[Opening DATA FOR REVIEW section]

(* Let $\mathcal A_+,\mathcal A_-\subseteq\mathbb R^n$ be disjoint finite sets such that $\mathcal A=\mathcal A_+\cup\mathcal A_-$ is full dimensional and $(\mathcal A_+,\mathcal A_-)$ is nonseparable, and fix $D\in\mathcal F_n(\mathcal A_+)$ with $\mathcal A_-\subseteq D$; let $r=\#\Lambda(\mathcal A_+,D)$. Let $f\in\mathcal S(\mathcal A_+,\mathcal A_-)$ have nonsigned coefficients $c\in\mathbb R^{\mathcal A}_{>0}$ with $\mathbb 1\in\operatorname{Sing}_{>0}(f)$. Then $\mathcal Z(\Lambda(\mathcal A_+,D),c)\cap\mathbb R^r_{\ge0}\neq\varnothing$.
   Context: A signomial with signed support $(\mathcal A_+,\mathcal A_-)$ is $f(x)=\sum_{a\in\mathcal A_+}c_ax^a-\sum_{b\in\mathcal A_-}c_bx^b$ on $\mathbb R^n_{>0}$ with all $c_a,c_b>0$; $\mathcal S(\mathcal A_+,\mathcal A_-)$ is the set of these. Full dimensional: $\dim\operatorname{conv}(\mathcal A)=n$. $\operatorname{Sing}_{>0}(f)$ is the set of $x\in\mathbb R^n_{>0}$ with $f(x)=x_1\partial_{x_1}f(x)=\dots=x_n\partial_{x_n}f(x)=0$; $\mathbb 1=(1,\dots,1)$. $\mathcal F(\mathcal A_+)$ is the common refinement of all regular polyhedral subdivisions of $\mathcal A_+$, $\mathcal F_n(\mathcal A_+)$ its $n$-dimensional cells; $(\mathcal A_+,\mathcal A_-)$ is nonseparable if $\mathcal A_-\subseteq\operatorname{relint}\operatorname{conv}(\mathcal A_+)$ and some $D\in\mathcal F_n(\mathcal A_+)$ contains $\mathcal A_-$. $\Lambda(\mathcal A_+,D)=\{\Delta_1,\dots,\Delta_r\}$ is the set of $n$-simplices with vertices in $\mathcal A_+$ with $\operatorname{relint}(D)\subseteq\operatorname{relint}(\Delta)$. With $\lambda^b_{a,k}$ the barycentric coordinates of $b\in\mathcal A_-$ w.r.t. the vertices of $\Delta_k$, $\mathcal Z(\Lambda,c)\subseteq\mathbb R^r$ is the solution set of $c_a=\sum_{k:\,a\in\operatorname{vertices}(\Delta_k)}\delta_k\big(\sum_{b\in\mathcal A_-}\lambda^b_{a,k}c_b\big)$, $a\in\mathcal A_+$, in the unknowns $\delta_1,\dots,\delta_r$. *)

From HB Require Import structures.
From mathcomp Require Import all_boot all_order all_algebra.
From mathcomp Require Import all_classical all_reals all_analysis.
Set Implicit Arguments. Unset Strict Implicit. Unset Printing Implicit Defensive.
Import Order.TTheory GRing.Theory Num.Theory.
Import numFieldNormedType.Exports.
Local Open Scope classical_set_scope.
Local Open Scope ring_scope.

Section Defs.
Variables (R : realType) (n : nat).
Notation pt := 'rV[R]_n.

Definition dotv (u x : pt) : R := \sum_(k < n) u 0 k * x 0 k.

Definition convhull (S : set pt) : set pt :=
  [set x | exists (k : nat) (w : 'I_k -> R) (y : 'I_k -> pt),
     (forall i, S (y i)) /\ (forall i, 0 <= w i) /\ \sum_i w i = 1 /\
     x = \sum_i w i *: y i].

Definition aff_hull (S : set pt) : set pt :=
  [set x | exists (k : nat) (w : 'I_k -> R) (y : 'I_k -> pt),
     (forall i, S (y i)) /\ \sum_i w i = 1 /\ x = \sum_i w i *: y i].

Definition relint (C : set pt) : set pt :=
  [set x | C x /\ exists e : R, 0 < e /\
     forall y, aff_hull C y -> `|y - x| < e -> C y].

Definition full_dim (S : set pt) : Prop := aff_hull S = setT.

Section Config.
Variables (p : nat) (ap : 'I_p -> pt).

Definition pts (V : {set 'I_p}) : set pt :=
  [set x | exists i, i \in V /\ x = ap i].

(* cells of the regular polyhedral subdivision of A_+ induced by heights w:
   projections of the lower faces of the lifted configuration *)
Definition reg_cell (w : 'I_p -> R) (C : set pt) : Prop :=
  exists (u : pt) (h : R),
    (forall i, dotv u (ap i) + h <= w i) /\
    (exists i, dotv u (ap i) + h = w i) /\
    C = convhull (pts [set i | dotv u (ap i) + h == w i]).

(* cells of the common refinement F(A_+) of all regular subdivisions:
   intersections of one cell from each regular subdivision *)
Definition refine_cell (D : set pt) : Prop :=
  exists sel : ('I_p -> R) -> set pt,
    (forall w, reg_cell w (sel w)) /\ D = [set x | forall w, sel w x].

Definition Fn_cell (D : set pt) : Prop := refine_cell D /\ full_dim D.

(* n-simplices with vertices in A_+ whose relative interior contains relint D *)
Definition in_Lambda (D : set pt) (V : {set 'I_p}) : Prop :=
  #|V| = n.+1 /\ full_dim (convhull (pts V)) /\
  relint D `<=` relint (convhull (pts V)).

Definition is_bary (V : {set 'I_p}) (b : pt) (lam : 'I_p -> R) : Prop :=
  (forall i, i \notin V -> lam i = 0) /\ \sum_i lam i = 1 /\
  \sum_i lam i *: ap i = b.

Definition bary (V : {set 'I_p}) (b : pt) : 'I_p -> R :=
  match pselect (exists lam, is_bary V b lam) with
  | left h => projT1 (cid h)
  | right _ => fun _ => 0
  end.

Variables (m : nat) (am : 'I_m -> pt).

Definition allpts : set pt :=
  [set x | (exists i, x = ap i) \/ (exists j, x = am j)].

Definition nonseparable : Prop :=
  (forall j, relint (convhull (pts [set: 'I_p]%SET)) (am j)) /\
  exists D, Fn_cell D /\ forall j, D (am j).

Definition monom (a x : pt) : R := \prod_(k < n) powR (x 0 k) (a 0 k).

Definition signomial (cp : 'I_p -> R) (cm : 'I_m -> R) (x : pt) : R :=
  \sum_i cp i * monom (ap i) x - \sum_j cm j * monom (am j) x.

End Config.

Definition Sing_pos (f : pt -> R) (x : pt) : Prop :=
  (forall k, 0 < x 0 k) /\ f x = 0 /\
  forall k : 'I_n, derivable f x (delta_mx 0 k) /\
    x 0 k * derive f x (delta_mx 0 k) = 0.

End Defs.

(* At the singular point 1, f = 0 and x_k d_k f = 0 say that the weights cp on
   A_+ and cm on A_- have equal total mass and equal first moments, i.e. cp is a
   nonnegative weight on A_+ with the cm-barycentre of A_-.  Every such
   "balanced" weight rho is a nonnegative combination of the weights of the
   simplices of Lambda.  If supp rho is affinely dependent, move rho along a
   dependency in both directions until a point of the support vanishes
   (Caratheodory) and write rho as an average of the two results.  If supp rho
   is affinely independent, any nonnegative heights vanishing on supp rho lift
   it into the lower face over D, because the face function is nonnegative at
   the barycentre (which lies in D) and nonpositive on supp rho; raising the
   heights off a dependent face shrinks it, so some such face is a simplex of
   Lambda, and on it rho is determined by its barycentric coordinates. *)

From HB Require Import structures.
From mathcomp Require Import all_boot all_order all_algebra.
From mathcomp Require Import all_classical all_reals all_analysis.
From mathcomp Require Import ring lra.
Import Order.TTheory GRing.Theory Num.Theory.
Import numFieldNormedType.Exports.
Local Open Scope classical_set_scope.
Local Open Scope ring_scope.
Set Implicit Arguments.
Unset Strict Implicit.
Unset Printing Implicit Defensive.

[Closing DATA FOR REVIEW section]

▸ ASSIGNMENT
Give an exact copy of the lines above from the line with "projT1 (cid h)" up to and including the line with "Definition monom (a", and leave everything else out.

▸ SOLUTION FOR THIS EXERCISE
  | left h => projT1 (cid h)
  | right _ => fun _ => 0
  end.

Variables (m : nat) (am : 'I_m -> pt).

Definition allpts : set pt :=
  [set x | (exists i, x = ap i) \/ (exists j, x = am j)].

Definition nonseparable : Prop :=
  (forall j, relint (convhull (pts [set: 'I_p]%SET)) (am j)) /\
  exists D, Fn_cell D /\ forall j, D (am j).

Definition monom (a x : pt) : R := \prod_(k < n) powR (x 0 k) (a 0 k).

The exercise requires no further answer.